Saved entries:
(* Let $A\in\mathbb{R}^{n\times n}$, $B\in\mathbb{R}^{n\times m}$, $0\le\gamma\le1$, $D\in\mathbb{S}^n$, $E\in\mathbb{S}^m$, $d\in\mathbb{R}^n$, $K^\dagger\in\mathbb{R}^{m\times n}$ and $k^\dagger\in\mathbb{R}^m$ be given. Then the optimization problem $$\begin{aligned}\min_{\tilde D,\tilde d,\tilde E,P,h}\ & \|\tilde D-D\|_F+\|\tilde d-d\|_2+\|\tilde E-E\|_F\\ \text{s.t. }\ & P=\tilde D+\gamma A'PA-{K^\dagger}'(\tilde E+\gamma B'PB)K^\dagger,\\ & (\tilde E+\gamma B'PB)K^\dagger=-\gamma B'PA,\\ & h=\tilde d+\gamma(A+BK^\dagger)'h,\\ & 2(\tilde E+\gamma B'PB)k^\dagger=-\gamma B'h,\\ & P\succeq0,\ \tilde D\succ0,\ \tilde E\succ0,\end{aligned}$$ over symmetric $\tilde D\in\mathbb{S}^n$, $P\in\mathbb{S}^n$, $\tilde E\in\mathbb{S}^m$ and vectors $\tilde d,h\in\mathbb{R}^n$, is convex.
   Context: Prime denotes transpose; $\|\cdot\|_F$ is the Frobenius norm; $\mathbb{S}^n$ is the set of real symmetric $n\times n$ matrices; $\succeq0$ ($\succ0$) means positive semidefinite (definite). This is the attacker's problem of finding minimally changed cost parameters making the affine policy $u=K^\dagger x+k^\dagger$ optimal for the discounted LQG problem. *)

From HB Require Import structures.
From mathcomp Require Import all_boot all_order all_algebra.
Set Implicit Arguments. Unset Strict Implicit. Unset Printing Implicit Defensive.
Import Order.TTheory GRing.Theory Num.Theory.
Local Open Scope ring_scope.

Section LQG.
Variable R : rcfType.

Definition symmx n (M : 'M[R]_n) : Prop := M^T = M.
Definition psdmx n (M : 'M[R]_n) : Prop :=
  symmx M /\ forall x : 'cV[R]_n, 0 <= (x^T *m M *m x) 0 0.
Definition pdmx n (M : 'M[R]_n) : Prop :=
  symmx M /\ forall x : 'cV[R]_n, x != 0 -> 0 < (x^T *m M *m x) 0 0.

(* Frobenius norm (also the Euclidean 2-norm for column vectors) *)
Definition frob p q (M : 'M[R]_(p, q)) : R :=
  Num.sqrt (\sum_(i < p) \sum_(j < q) M i j ^+ 2).

(* decision variables (Dt, dt, Et, P, h) *)
Definition vars n m : Type :=
  ('M[R]_n * 'cV[R]_n * 'M[R]_m * 'M[R]_n * 'cV[R]_n)%type.

Definition vcomb n m (t : R) (x y : vars n m) : vars n m :=
  let: (D1, d1, E1, P1, h1) := x in
  let: (D2, d2, E2, P2, h2) := y in
  (t *: D1 + (1 - t) *: D2, t *: d1 + (1 - t) *: d2,
   t *: E1 + (1 - t) *: E2, t *: P1 + (1 - t) *: P2,
   t *: h1 + (1 - t) *: h2).

Definition attack_obj n m (D : 'M[R]_n) (d : 'cV[R]_n) (E : 'M[R]_m)
  (x : vars n m) : R :=
  let: (Dt, dt, Et, P, h) := x in
  frob (Dt - D) + frob (dt - d) + frob (Et - E).

Definition attack_feasible n m (A : 'M[R]_n) (B : 'M[R]_(n, m)) (gamma : R)
  (Kd : 'M[R]_(m, n)) (kd : 'cV[R]_m) (x : vars n m) : Prop :=
  let: (Dt, dt, Et, P, h) := x in
  [/\ [/\ symmx Dt, symmx P & symmx Et],
      P = Dt + gamma *: (A^T *m P *m A)
            - Kd^T *m (Et + gamma *: (B^T *m P *m B)) *m Kd,
      (Et + gamma *: (B^T *m P *m B)) *m Kd = - (gamma *: (B^T *m P *m A)),
      h = dt + gamma *: ((A + B *m Kd)^T *m h)
    & [/\           2%:R *: ((Et + gamma *: (B^T *m P *m B)) *m kd)
             = - (gamma *: (B^T *m h)),
          psdmx P, pdmx Dt & pdmx Et]].

Definition convex_problem n m (feas : vars n m -> Prop) (obj : vars n m -> R)
  : Prop :=
  (forall (t : R) (x y : vars n m), 0 <= t <= 1 ->
      feas x -> feas y -> feas (vcomb t x y)) /\
  (forall (t : R) (x y : vars n m), 0 <= t <= 1 ->
      obj (vcomb t x y) <= t * obj x + (1 - t) * obj y).

End LQG.

From mathcomp Require Import all_boot all_order all_algebra.
From mathcomp Require Import ring lra.

Set Implicit Arguments.
Unset Strict Implicit.
Unset Printing Implicit Defensive.

Import Order.TTheory GRing.Theory Num.Theory.
Local Open Scope ring_scope.

(* Once Kd and kd are fixed, every equality constraint is linear in the
   decision variables (Dt, dt, Et, P, h) jointly, so its solution set is a
   subspace, and the (semi)definiteness constraints describe convex cones.
   The objective is a sum of translated Frobenius norms, which are convex by
   Minkowski's inequality. *)

Section Frobenius.
Variable R : rcfType.

Lemma cauchy_schwarz_sum (I : finType) (x y : I -> R) :
  (\sum_i x i * y i) ^+ 2 <= (\sum_i x i ^+ 2) * (\sum_i y i ^+ 2).
Proof.
pose gap i j := x i ^+ 2 * y j ^+ 2 - x i * y i * (x j * y j).
have gapE : \sum_i \sum_j gap i j
    = (\sum_i x i ^+ 2) * (\sum_i y i ^+ 2) - (\sum_i x i * y i) ^+ 2.
  rewrite expr2 !mulr_suml -sumrB; apply: eq_bigr => i _.
  by rewrite !mulr_sumr -sumrB.
have lagrange : \sum_i \sum_j (x i * y j - x j * y i) ^+ 2
    = \sum_i \sum_j gap i j + \sum_i \sum_j gap j i.
  rewrite -big_split; apply: eq_bigr => i _.
  by rewrite -big_split; apply: eq_bigr => j _; rewrite /gap /=; ring.
have : 0 <= \sum_i \sum_j (x i * y j - x j * y i) ^+ 2.
  by apply: sumr_ge0 => i _; apply: sumr_ge0 => j _; exact: sqr_ge0.
by rewrite lagrange [X in _ + X]exchange_big gapE -mulr2n pmulrn_lge0 // subr_ge0.
Qed.

Lemma minkowski_sum (I : finType) (x y : I -> R) :
  Num.sqrt (\sum_i (x i + y i) ^+ 2)
    <= Num.sqrt (\sum_i x i ^+ 2) + Num.sqrt (\sum_i y i ^+ 2).
Proof.
set a := \sum_i x i ^+ 2; set b := \sum_i x i * y i; set c := \sum_i y i ^+ 2.
have a_ge0 : 0 <= a by apply: sumr_ge0 => i _; exact: sqr_ge0.
have c_ge0 : 0 <= c by apply: sumr_ge0 => i _; exact: sqr_ge0.
have sumE : \sum_i (x i + y i) ^+ 2 = a + 2 * b + c.
  rewrite mulr_sumr -!big_split; apply: eq_bigr => i _ /=; ring.
have b_le : b <= Num.sqrt a * Num.sqrt c.
  rewrite -sqrtrM // (le_trans (ler_norm b)) // -sqrtr_sqr.
  by rewrite ler_sqrt ?mulr_ge0 ?cauchy_schwarz_sum.
rewrite -[leRHS]ger0_norm ?addr_ge0 ?sqrtr_ge0 // -sqrtr_sqr.
rewrite ler_sqrt ?sqr_ge0 // sumE sqrrD !sqr_sqrtr //.
lra.
Qed.

Lemma frob_pair p q (M : 'M[R]_(p, q)) :
  frob M = Num.sqrt (\sum_(ij : 'I_p * 'I_q) M ij.1 ij.2 ^+ 2).
Proof. by rewrite /frob pair_big. Qed.

Lemma ler_frobD p q (M N : 'M[R]_(p, q)) : frob (M + N) <= frob M + frob N.
Proof.
rewrite !frob_pair (eq_bigr (fun ij => (M ij.1 ij.2 + N ij.1 ij.2) ^+ 2)).
  exact: minkowski_sum.
by move=> ij _; rewrite mxE.
Qed.

Lemma frobZ p q (t : R) (M : 'M[R]_(p, q)) :
  0 <= t -> frob (t *: M) = t * frob M.
Proof.
move=> t_ge0; rewrite !frob_pair (eq_bigr (fun ij => t ^+ 2 * M ij.1 ij.2 ^+ 2)).
  by rewrite -mulr_sumr sqrtrM ?sqr_ge0 // sqrtr_sqr ger0_norm.
by move=> ij _; rewrite mxE exprMn.
Qed.

Lemma frob_convex p q (t : R) (M N : 'M[R]_(p, q)) : 0 <= t <= 1 ->
  frob (t *: M + (1 - t) *: N) <= t * frob M + (1 - t) * frob N.
Proof.
case/andP=> t_ge0 t_le1.
rewrite -frobZ // -[(1 - t) * _]frobZ ?subr_ge0 //.
exact: ler_frobD.
Qed.

End Frobenius.

Section Combinations.
Variable R : rcfType.
Implicit Types t s : R.

Lemma addr_comb (V : lmodType R) t s (a b c d : V) :
  (t *: a + s *: b) + (t *: c + s *: d) = t *: (a + c) + s *: (b + d).
Proof. by rewrite !scalerDr addrACA. Qed.

Lemma oppr_comb (V : lmodType R) t s (a b : V) :
  - (t *: a + s *: b) = t *: (- a) + s *: (- b).
Proof. by rewrite opprD !scalerN. Qed.

Lemma scaler_comb (V : lmodType R) t s k (a b : V) :
  k *: (t *: a + s *: b) = t *: (k *: a) + s *: (k *: b).
Proof. by rewrite scalerDr !scalerA mulrC [k * s]mulrC. Qed.

Lemma convex_subr (V : lmodType R) t (a b c : V) :
  t *: a + (1 - t) *: b - c = t *: (a - c) + (1 - t) *: (b - c).
Proof. by rewrite !scalerBr addrACA -opprD -scalerDl [t + _]addrC subrK scale1r. Qed.

Lemma mulmx_combr p q r (M : 'M[R]_(p, q)) t s (a b : 'M[R]_(q, r)) :
  M *m (t *: a + s *: b) = t *: (M *m a) + s *: (M *m b).
Proof. by rewrite mulmxDr !scalemxAr. Qed.

Lemma mulmx_combl p q r (M : 'M[R]_(q, r)) t s (a b : 'M[R]_(p, q)) :
  (t *: a + s *: b) *m M = t *: (a *m M) + s *: (b *m M).
Proof. by rewrite mulmxDl !scalemxAl. Qed.

Lemma trmx_comb p q t s (a b : 'M[R]_(p, q)) :
  (t *: a + s *: b)^T = t *: a^T + s *: b^T.
Proof. by rewrite linearD !linearZ. Qed.

Lemma symmx_comb n t s (M N : 'M[R]_n) :
  symmx M -> symmx N -> symmx (t *: M + s *: N).
Proof. by rewrite /symmx trmx_comb => -> ->. Qed.

Lemma quadform_comb n t s (M N : 'M[R]_n) (x : 'cV[R]_n) :
  (x^T *m (t *: M + s *: N) *m x) 0 0
    = t * (x^T *m M *m x) 0 0 + s * (x^T *m N *m x) 0 0.
Proof. by rewrite mulmx_combr mulmx_combl !mxE. Qed.

Lemma psdmx_comb n t s (M N : 'M[R]_n) :
  0 <= t -> 0 <= s -> psdmx M -> psdmx N -> psdmx (t *: M + s *: N).
Proof.
move=> t_ge0 s_ge0 [symM psdM] [symN psdN]; split; first exact: symmx_comb.
by move=> x; rewrite quadform_comb addr_ge0 ?mulr_ge0.
Qed.

Lemma pdmx_convex n t (M N : 'M[R]_n) :
  0 <= t <= 1 -> pdmx M -> pdmx N -> pdmx (t *: M + (1 - t) *: N).
Proof.
move=> /andP[t_ge0 t_le1] [symM pdM] [symN pdN]; split; first exact: symmx_comb.
move=> x /[dup] /pdM Mx_gt0 /pdN Nx_gt0; rewrite quadform_comb; nra.
Qed.

End Combinations.

Section AttackProblem.
Variables (R : rcfType) (n m : nat).

Lemma attack_feasible_convex (A : 'M[R]_n) (B : 'M[R]_(n, m)) (gamma : R)
    (Kd : 'M[R]_(m, n)) (kd : 'cV[R]_m) (t : R) (x y : vars R n m) :
  0 <= t <= 1 -> attack_feasible A B gamma Kd kd x ->
  attack_feasible A B gamma Kd kd y ->
  attack_feasible A B gamma Kd kd (vcomb t x y).
Proof.
move: x y => [[[[D1 d1] E1] P1] h1] [[[[D2 d2] E2] P2] h2] t01 /=.
case=> [[symD1 symP1 symE1] eqP1 eqK1 eqh1 [eqk1 psdP1 pdD1 pdE1]].
case=> [[symD2 symP2 symE2] eqP2 eqK2 eqh2 [eqk2 psdP2 pdD2 pdE2]].
have [t_ge0 t_le1] := andP t01.
rewrite !(mulmx_combr, mulmx_combl, scaler_comb, oppr_comb, addr_comb).
split.
- by split; apply: symmx_comb.
- by rewrite -eqP1 -eqP2.
- by rewrite eqK1 eqK2.
- by rewrite -eqh1 -eqh2.
split.
- by rewrite eqk1 eqk2.
- by apply: psdmx_comb; rewrite ?subr_ge0.
- exact: pdmx_convex.
- exact: pdmx_convex.
Qed.

Lemma attack_obj_convex (D : 'M[R]_n) (d : 'cV[R]_n) (E : 'M[R]_m)
    (t : R) (x y : vars R n m) :
  0 <= t <= 1 ->
  attack_obj D d E (vcomb t x y)
    <= t * attack_obj D d E x + (1 - t) * attack_obj D d E y.
Proof.
move: x y => [[[[D1 d1] E1] P1] h1] [[[[D2 d2] E2] P2] h2] t01 /=.
rewrite !convex_subr.
have := frob_convex (D1 - D) (D2 - D) t01.
have := frob_convex (d1 - d) (d2 - d) t01.
have := frob_convex (E1 - E) (E2 - E) t01.
lra.
Qed.

End AttackProblem.

Theorem proposition3 (R : rcfType) (n m : nat)
  (A : 'M[R]_n) (B : 'M[R]_(n, m)) (gamma : R)
  (D : 'M[R]_n) (E : 'M[R]_m) (d : 'cV[R]_n)
  (Kd : 'M[R]_(m, n)) (kd : 'cV[R]_m) :
  0 <= gamma <= 1 -> symmx D -> symmx E ->
  convex_problem (attack_feasible A B gamma Kd kd) (attack_obj D d E).
Proof.
move=> _ _ _; split=> t x y t01.
  exact: attack_feasible_convex.
exact: attack_obj_convex.
Qed.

**Work order:** Set down, exactly as they stand above, the lines starting with the line with "0 <= t -> 0 <= s -> psdmx" and going on through the line with "- by split; apply: symmx_comb.", and no others.

**Answer below:**
  0 <= t -> 0 <= s -> psdmx M -> psdmx N -> psdmx (t *: M + s *: N).
Proof.
move=> t_ge0 s_ge0 [symM psdM] [symN psdN]; split; first exact: symmx_comb.
by move=> x; rewrite quadform_comb addr_ge0 ?mulr_ge0.
Qed.

Lemma pdmx_convex n t (M N : 'M[R]_n) :
  0 <= t <= 1 -> pdmx M -> pdmx N -> pdmx (t *: M + (1 - t) *: N).
Proof.
move=> /andP[t_ge0 t_le1] [symM pdM] [symN pdN]; split; first exact: symmx_comb.
move=> x /[dup] /pdM Mx_gt0 /pdN Nx_gt0; rewrite quadform_comb; nra.
Qed.

End Combinations.

Section AttackProblem.
Variables (R : rcfType) (n m : nat).

Lemma attack_feasible_convex (A : 'M[R]_n) (B : 'M[R]_(n, m)) (gamma : R)
    (Kd : 'M[R]_(m, n)) (kd : 'cV[R]_m) (t : R) (x y : vars R n m) :
  0 <= t <= 1 -> attack_feasible A B gamma Kd kd x ->
  attack_feasible A B gamma Kd kd y ->
  attack_feasible A B gamma Kd kd (vcomb t x y).
Proof.
move: x y => [[[[D1 d1] E1] P1] h1] [[[[D2 d2] E2] P2] h2] t01 /=.
case=> [[symD1 symP1 symE1] eqP1 eqK1 eqh1 [eqk1 psdP1 pdD1 pdE1]].
case=> [[symD2 symP2 symE2] eqP2 eqK2 eqh2 [eqk2 psdP2 pdD2 pdE2]].
have [t_ge0 t_le1] := andP t01.
rewrite !(mulmx_combr, mulmx_combl, scaler_comb, oppr_comb, addr_comb).
split.
- by split; apply: symmx_comb.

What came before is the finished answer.